▸ Work to be completed
The word "setUv" marks the lines to keep; find each one in the data and copy it.

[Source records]

════════════════════

(* Let $(\boldsymbol X,Y)\sim\mathbb{P}_{\boldsymbol X,Y}$ with $\boldsymbol X\in\mathcal{X}\subset\mathbb{R}^{d_1\times d_2}$, $Y=f(\boldsymbol X)+\varepsilon$ where $f(\boldsymbol X)=\mathbb{E}(Y|\boldsymbol X)$, $f:\mathcal{X}\to[-1,1]$, $\varepsilon$ is a bounded mean-zero noise (possibly depending on $\boldsymbol X$) and $Y\in[-1,1]$. Fix $\pi\in[-1,1]$ and $r\in\mathbb{N}_+$, and suppose $f$ is $(r,\pi)$-sign representable. Then for every function $\bar f:\mathcal{X}\to\mathbb{R}$ with $\mathrm{sgn}\,\bar f=\mathrm{sgn}(f-\pi)$ on $\mathcal{X}$, we have $\mathrm{Risk}_\pi(\bar f)=\inf\{\mathrm{Risk}_\pi(\phi):\phi\in\Phi(r)\}$.
   Context: Sign convention: $\mathrm{sgn}(x)=1$ if $x>0$ and $-1$ otherwise. $f$ is $(r,\pi)$-sign representable if there exist $\boldsymbol B\in\mathbb{R}^{d_1\times d_2}$ with $\mathrm{rank}(\boldsymbol B)\le r$ and $b\in\mathbb{R}$ such that $\mathrm{sgn}(f(\boldsymbol X)-\pi)=\mathrm{sgn}(\langle\boldsymbol X,\boldsymbol B\rangle+b)$ for all $\boldsymbol X\in\mathcal{X}$, with $\langle\boldsymbol X,\boldsymbol B\rangle=\mathrm{tr}(\boldsymbol X\boldsymbol B^T)$. $\Phi(r)=\{\phi:\boldsymbol X\mapsto\langle\boldsymbol X,\boldsymbol B\rangle+b\mid \mathrm{rank}(\boldsymbol B)\le r,\ (\boldsymbol B,b)\in\mathbb{R}^{d_1\times d_2}\times\mathbb{R}\}$. Weighted classification risk: $\mathrm{Risk}_\pi(\phi)=\frac12\mathbb{E}\big[|Y-\pi|\,|\mathrm{sgn}(Y-\pi)-\mathrm{sgn}\,\phi(\boldsymbol X)|\big]$, expectation over $(\boldsymbol X,Y)\sim\mathbb{P}_{\boldsymbol X,Y}$. *)

From HB Require Import structures.
From mathcomp Require Import all_boot all_order all_algebra.
From mathcomp Require Import all_classical all_reals all_analysis.
Set Implicit Arguments. Unset Strict Implicit. Unset Printing Implicit Defensive.
Import Order.TTheory GRing.Theory Num.Theory.
Local Open Scope classical_set_scope.
Local Open Scope ring_scope.

Definition sgn (R : realType) (x : R) : R := if 0 < x then 1 else -1.

Definition matdot (R : realType) (d1 d2 : nat) (M B : 'M[R]_(d1, d2)) : R :=
  \tr (M *m B^T).

Definition Phi (R : realType) (d1 d2 r : nat) : set ('M[R]_(d1, d2) -> R) :=
  [set phi | exists (B : 'M[R]_(d1, d2)) (b : R),
     (\rank B <= r)%N /\ phi = (fun M => matdot M B + b)].

Definition sign_representable (R : realType) (d1 d2 : nat)
  (Xs : set 'M[R]_(d1, d2)) (f : 'M[R]_(d1, d2) -> R) (r : nat) (pi : R) : Prop :=
  exists (B : 'M[R]_(d1, d2)) (b : R), (\rank B <= r)%N /\
    forall M, Xs M -> sgn (f M - pi) = sgn (matdot M B + b).

Definition sigmaX (d : measure_display) (T : measurableType d) (R : realType)
  (d1 d2 : nat) (X : T -> 'M[R]_(d1, d2)) : set (set T) :=
  <<s setT, \bigcup_(ij in [set: 'I_d1 * 'I_d2])
        preimage_set_system setT (fun w => X w ij.1 ij.2)
          (@measurable _ R) >>.

Definition is_cond_exp (d : measure_display) (T : measurableType d) (R : realType)
  (P : probability T R) (d1 d2 : nat) (X : T -> 'M[R]_(d1, d2)) (Y : T -> R)
  (g : T -> R) : Prop :=
  (forall B : set R, measurable B -> sigmaX X (g @^-1` B)) /\
  (forall E : set T, sigmaX X E ->
     (\int[P]_(w in E) (Y w)%:E = \int[P]_(w in E) (g w)%:E)%E).

Definition Risk (d : measure_display) (T : measurableType d) (R : realType)
  (P : probability T R) (d1 d2 : nat) (X : T -> 'M[R]_(d1, d2)) (Y : T -> R)
  (pi : R) (phi : 'M[R]_(d1, d2) -> R) : \bar R :=
  ((2^-1)%:E * \int[P]_w (`|Y w - pi| * `|sgn (Y w - pi) - sgn (phi (X w))|)%:E)%E.

From HB Require Import structures.
From mathcomp Require Import all_boot all_order all_algebra.
From mathcomp Require Import all_classical all_reals all_analysis.
From mathcomp Require Import lra measurable_realfun.
Set Implicit Arguments. Unset Strict Implicit. Unset Printing Implicit Defensive.
Import Order.TTheory GRing.Theory Num.Theory.
Local Open Scope classical_set_scope.
Local Open Scope ring_scope.

(* Since |y| |sgn y - s| = |y| - s y for s = +-1, the risk of a classifier phi is
   (E|Y - pi| - E[sgn(phi X) (Y - pi)]) / 2.  When sgn(phi X) is sigma(X)-measurable
   the tower property replaces Y by f(X) = E(Y | X) in the last expectation, and
   pointwise sgn(phi X) (f X - pi) <= sgn(f X - pi) (f X - pi).  Hence the Bayes
   rule sgn(f - pi), which by sign representability is the sign of an affine
   function of rank at most r, minimizes the risk over Phi(r); any fbar with the
   same sign has the same risk. *)

Section Sgn.
Context (R : realType).
Implicit Types x y z : R.

Lemma normr_sgn x : `|sgn x| = 1.
Proof. by rewrite /sgn; case: ifP; rewrite ?normrN normr1. Qed.

Lemma sgn_weighted_loss y z : `|y| * `|sgn y - sgn z| = `|y| - sgn z * y.
Proof.
rewrite /sgn; case: (ltP 0 y) => [y_gt0|y_le0] /=; case: ifP => _.
- by rewrite subrr normr0 mulr0 mul1r gtr0_norm // subrr.
- by rewrite gtr0_norm // ger0_norm; lra.
- by rewrite ler0_norm // ler0_norm; lra.
- by rewrite opprK addNr normr0 mulr0 ler0_norm //; lra.
Qed.

Lemma mulr_sgn_le x z : sgn z * x <= sgn x * x.
Proof. by rewrite /sgn; case: (ltP 0 x) => ? /=; case: ifP => _; lra. Qed.

End Sgn.

Section BoundedIntegrals.
Context d (T : measurableType d) (R : realType) (P : probability T R).
Implicit Types (g u v : T -> R) (E : set T) (c : R).

Lemma integrable_bounded u c : measurable_fun setT u ->
  (forall w, `|u w| <= c) -> P.-integrable setT (EFin \o u).
Proof.
move=> mu u_le; apply: measurable_bounded_integrable => //.
  exact: (le_lt_trans (probability_le1 P measurableT) (ltry 1)).
exists c; split; first exact: num_real.
by move=> M c_lt_M w _ /=; rewrite (le_trans (u_le w)) // ltW.
Qed.

Lemma integrable_boundedS E u c : measurable E -> measurable_fun setT u ->
  (forall w, `|u w| <= c) -> P.-integrable E (EFin \o u).
Proof.
move=> mE mu u_le.
apply: (integrableS measurableT mE (@subsetT _ _)); exact: integrable_bounded u_le.
Qed.

Lemma measurable_sgn_comp g : measurable [set w | 0 < g w] ->
  measurable_fun setT (fun w => sgn (g w)).
Proof.
move=> mA; apply: measurable_fun_ifT => //.
by apply: (measurable_fun_bool true); rewrite setTI.
Qed.

Lemma integrable_mul_sgn g u c : measurable [set w | 0 < g w] ->
  measurable_fun setT u -> (forall w, `|u w| <= c) ->
  P.-integrable setT (EFin \o (fun w => sgn (g w) * u w)).
Proof.
move=> mA mu u_le; apply: integrable_bounded.
  exact: measurable_funM (measurable_sgn_comp mA) mu.
by move=> w; rewrite normrM normr_sgn mul1r.
Qed.

Lemma integral_mul_sgn g u c : measurable [set w | 0 < g w] ->
  measurable_fun setT u -> (forall w, `|u w| <= c) ->
  (\int[P]_w (sgn (g w) * u w)%:E =
   \int[P]_(w in [set w | 0 < g w]%R) (u w)%:E
   - \int[P]_(w in ~` [set w | 0 < g w]%R) (u w)%:E)%E.
Proof.
set A := [set w | 0 < g w] => mA mu u_le.
have mAC := measurableC mA.
rewrite -(setUv A) integral_setU //; last first.
- by apply/disj_set2P; rewrite setICr.
- rewrite setUv; apply/measurable_EFinP.
  exact: measurable_funM (measurable_sgn_comp mA) mu.
congr (_ + _).
  by apply: eq_integral => w /[!inE] Aw; rewrite /sgn Aw mul1r.
rewrite -integralN; last exact/integrable_add_def/(integrable_boundedS mAC mu u_le).
apply: eq_integral => w /[!inE] Aw; rewrite /sgn ifF ?mulN1r //.
exact/negbTE/negP.
Qed.

Lemma integral_subr_eq E u v c k : measurable E ->
  measurable_fun setT u -> measurable_fun setT v ->
  (forall w, `|u w| <= k) -> (forall w, `|v w| <= k) ->
  (\int[P]_(w in E) (u w)%:E = \int[P]_(w in E) (v w)%:E)%E ->
  (\int[P]_(w in E) (u w - c)%:E = \int[P]_(w in E) (v w - c)%:E)%E.
Proof.
move=> mE mu mv u_le v_le uv.
have ic : P.-integrable E (EFin \o cst c).
  by apply: (@integrable_boundedS _ _ `|c|) => //; exact: measurable_cst.
have iu := integrable_boundedS mE mu u_le.
have iv := integrable_boundedS mE mv v_le.
under eq_integral do rewrite EFinB.
under [RHS]eq_integral do rewrite EFinB.
by rewrite !integralB_EFin // uv.
Qed.

End BoundedIntegrals.

Lemma measurable_affine_comp d (T : measurableType d) (R : realType) d1 d2
    (X : T -> 'M[R]_(d1, d2)) (B : 'M[R]_(d1, d2)) (b : R) :
  (forall i j, measurable_fun setT (fun w => X w i j)) ->
  measurable_fun setT (fun w => matdot (X w) B + b).
Proof.
move=> mX; apply: measurable_funD; last exact: measurable_cst.
have matdotE w : matdot (X w) B = \sum_i \sum_j X w i j * B i j.
  rewrite /matdot /mxtrace; apply: eq_bigr => i _; rewrite !mxE.
  by apply: eq_bigr => j _; rewrite mxE.
under eq_fun do rewrite matdotE.
apply: measurable_sum => i; apply: measurable_sum => j.
by apply: measurable_funM => //; exact: measurable_cst.
Qed.

Section SigmaX.
Context d (T : measurableType d) (R : realType) (d1 d2 : nat)
  (X : T -> 'M[R]_(d1, d2)).

Lemma sigmaX_measurable : (forall i j, measurable_fun setT (fun w => X w i j)) ->
  forall E, sigmaX X E -> measurable E.
Proof.
move=> mX; apply: smallest_sub; first exact: sigma_algebra_measurable.
by move=> _ [ij _ [U mU <-]]; exact: mX measurableT U mU.
Qed.

(* The entries of X are measurable for sigma(X) itself, viewed as the
   measurable structure of [g_sigma_algebraType]. *)
Lemma sigmaX_affine_pos B b : sigmaX X [set w | 0 < matdot (X w) B + b].
Proof.
pose TX := g_sigma_algebraType
  (\bigcup_(ij in [set: 'I_d1 * 'I_d2])
     preimage_set_system setT (fun w => X w ij.1 ij.2) (@measurable _ R)).
have mX i j : measurable_fun (setT : set TX) (fun w => X w i j).
  move=> _ U mU; rewrite setTI; apply: sub_sigma_algebra.
  by exists (i, j) => //; exists U => //; rewrite setTI.
have := @measurable_affine_comp _ TX R d1 d2 X B b mX measurableT _
  (measurable_itv `]0, +oo[).
by rewrite setTI preimage_itvoy.
Qed.

End SigmaX.

Lemma cond_exp_measurable d (T : measurableType d) (R : realType)
    (P : probability T R) d1 d2 (X : T -> 'M[R]_(d1, d2)) (Y g : T -> R) :
  (forall i j, measurable_fun setT (fun w => X w i j)) ->
  is_cond_exp P X Y g -> measurable_fun setT g.
Proof.
move=> mX [g_sigmaX _] _ U mU; rewrite setTI.
exact: sigmaX_measurable mX _ (g_sigmaX U mU).
Qed.

Section Risk.
Context d (T : measurableType d) (R : realType) (P : probability T R)
  (d1 d2 : nat) (X : T -> 'M[R]_(d1, d2)) (Y : T -> R) (pi : R).
Implicit Types phi psi : 'M[R]_(d1, d2) -> R.

Lemma eq_Risk phi psi : (forall w, sgn (phi (X w)) = sgn (psi (X w))) ->
  Risk P X Y pi phi = Risk P X Y pi psi.
Proof. by move=> phi_psi; congr (_ * _)%E; apply: eq_integral => w _; rewrite phi_psi. Qed.

Lemma RiskE phi c : measurable_fun setT Y -> (forall w, `|Y w - pi| <= c) ->
  measurable [set w | 0 < phi (X w)] ->
  Risk P X Y pi phi = ((2^-1)%:E * (\int[P]_w (`|Y w - pi|)%:E
     - \int[P]_w (sgn (phi (X w)) * (Y w - pi))%:E))%E.
Proof.
move=> mY Ypi_le mphi.
have mYpi : measurable_fun setT (fun w => Y w - pi).
  by apply: measurable_funB => //; exact: measurable_cst.
rewrite /Risk; congr (_ * _)%E.
under eq_integral => w _ do rewrite sgn_weighted_loss EFinB.
rewrite integralB_EFin //.
- apply: integrable_bounded; first exact: measurableT_comp.
  by move=> w; rewrite normr_id; exact: Ypi_le.
- exact: integrable_mul_sgn mphi mYpi Ypi_le.
Qed.

Lemma integral_sgn_cond_exp g h c : is_cond_exp P X Y g ->
  (forall i j, measurable_fun setT (fun w => X w i j)) -> measurable_fun setT Y ->
  (forall w, `|Y w| <= c) -> (forall w, `|g w| <= c) ->
  sigmaX X [set w | 0 < h w] ->
  (\int[P]_w (sgn (h w) * (Y w - pi))%:E =
   \int[P]_w (sgn (h w) * (g w - pi))%:E)%E.
Proof.
move=> ce mX mY Y_le g_le h_sigmaX; have [_ Y_g] := ce.
have mE := sigmaX_measurable mX.
have mg := cond_exp_measurable mX ce.
have sub_le (u : T -> R) : (forall w, `|u w| <= c) -> forall w, `|u w - pi| <= c + `|pi|.
  by move=> u_le w; apply: le_trans (ler_normB _ _) _; rewrite lerD2r.
have mB (u : T -> R) : measurable_fun setT u -> measurable_fun setT (fun w => u w - pi).
  by move=> mu; apply: measurable_funB => //; exact: measurable_cst.
have mA := mE _ h_sigmaX.
rewrite (integral_mul_sgn P mA (mB _ mY) (sub_le _ Y_le)).
rewrite (integral_mul_sgn P mA (mB _ mg) (sub_le _ g_le)).
by congr (_ - _)%E; apply: integral_subr_eq Y_le g_le _ => //;
  [exact: Y_g | exact: measurableC | apply: Y_g; exact: sigma_algebraC].
Qed.

Lemma Risk_cond_exp_sgn_le f phi psi : is_cond_exp P X Y (f \o X) ->
  (forall i j, measurable_fun setT (fun w => X w i j)) -> measurable_fun setT Y ->
  (forall w, -1 <= Y w <= 1) -> (forall w, -1 <= f (X w) <= 1) -> -1 <= pi <= 1 ->
  sigmaX X [set w | 0 < phi (X w)] -> sigmaX X [set w | 0 < psi (X w)] ->
  (forall w, sgn (psi (X w)) = sgn (f (X w) - pi)) ->
  (Risk P X Y pi psi <= Risk P X Y pi phi)%E.
Proof.
move=> ce mX mY Y_bnd f_bnd pi_bnd phi_sigmaX psi_sigmaX psi_f.
have Y_le w : `|Y w| <= 1 by rewrite ler_norml.
have f_le w : `|f (X w)| <= 1 by rewrite ler_norml.
have Ypi_le w : `|Y w - pi| <= 2.
  by apply: le_trans (ler_normB _ _) _; apply: lerD; rewrite // ler_norml.
have mE := sigmaX_measurable mX.
rewrite (RiskE mY Ypi_le (mE _ psi_sigmaX)) (RiskE mY Ypi_le (mE _ phi_sigmaX)).
apply: lee_wpmul2l; first by rewrite lee_fin invr_ge0.
apply: leeB => //.
rewrite !(integral_sgn_cond_exp ce mX mY Y_le f_le) //.
have mfXpi : measurable_fun setT (fun w => (f \o X) w - pi).
  by apply: measurable_funB; [exact: cond_exp_measurable ce | exact: measurable_cst].
have fXpi_le w : `|(f \o X) w - pi| <= 2.
  by apply: le_trans (ler_normB _ _) _; apply: lerD; [exact: f_le | rewrite ler_norml].
apply: le_integral => //.
- exact: integrable_mul_sgn (mE _ phi_sigmaX) mfXpi fXpi_le.
- exact: integrable_mul_sgn (mE _ psi_sigmaX) mfXpi fXpi_le.
- by move=> w _; rewrite lee_fin psi_f; exact: mulr_sgn_le.
Qed.
End Risk.

Theorem theorem1 (d : measure_display) (T : measurableType d) (R : realType)
  (P : probability T R) (d1 d2 : nat)
  (Xs : set 'M[R]_(d1, d2)) (X : T -> 'M[R]_(d1, d2)) (Y : T -> R)
  (f : 'M[R]_(d1, d2) -> R) (pi : R) (r : nat) :
  (forall i j, measurable_fun setT (fun w => X w i j)) ->
  measurable_fun setT Y ->
  (forall w, Xs (X w)) ->
  (forall M, Xs M -> -1 <= f M <= 1) ->
  (forall w, -1 <= Y w <= 1) ->
  is_cond_exp P X Y (f \o X) ->
  -1 <= pi <= 1 ->
  (0 < r)%N ->
  sign_representable Xs f r pi ->
  forall fbar : 'M[R]_(d1, d2) -> R,
    (forall M, Xs M -> sgn (fbar M) = sgn (f M - pi)) ->
    Risk P X Y pi fbar = ereal_inf [set Risk P X Y pi phi | phi in @Phi R d1 d2 r].
Proof.
move=> mX mY XsX f_bnd Y_bnd ce pi_bnd _ [B0 [b0 [rkB0 B0_rep]]] fbar fbar_sgn.
pose phi0 M := matdot M B0 + b0.
have phi0_Phi : Phi r phi0 by exists B0, b0; split.
have -> : Risk P X Y pi fbar = Risk P X Y pi phi0.
  by apply: eq_Risk => w; rewrite fbar_sgn // B0_rep.
apply/eqP; rewrite eq_le; apply/andP; split; last first.
  by apply: ereal_inf_lbound; exists phi0.
apply: le_ereal_inf_tmp => _ [_ [B [b [_ ->]]] <-].
apply: (Risk_cond_exp_sgn_le ce mX mY Y_bnd) => //; try exact: sigmaX_affine_pos.
- by move=> w; apply/f_bnd/XsX.
- by move=> w; rewrite -B0_rep.
Qed.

════════════════════

▸ Task result
rewrite -(setUv A) integral_setU //; last first.
- rewrite setUv; apply/measurable_EFinP.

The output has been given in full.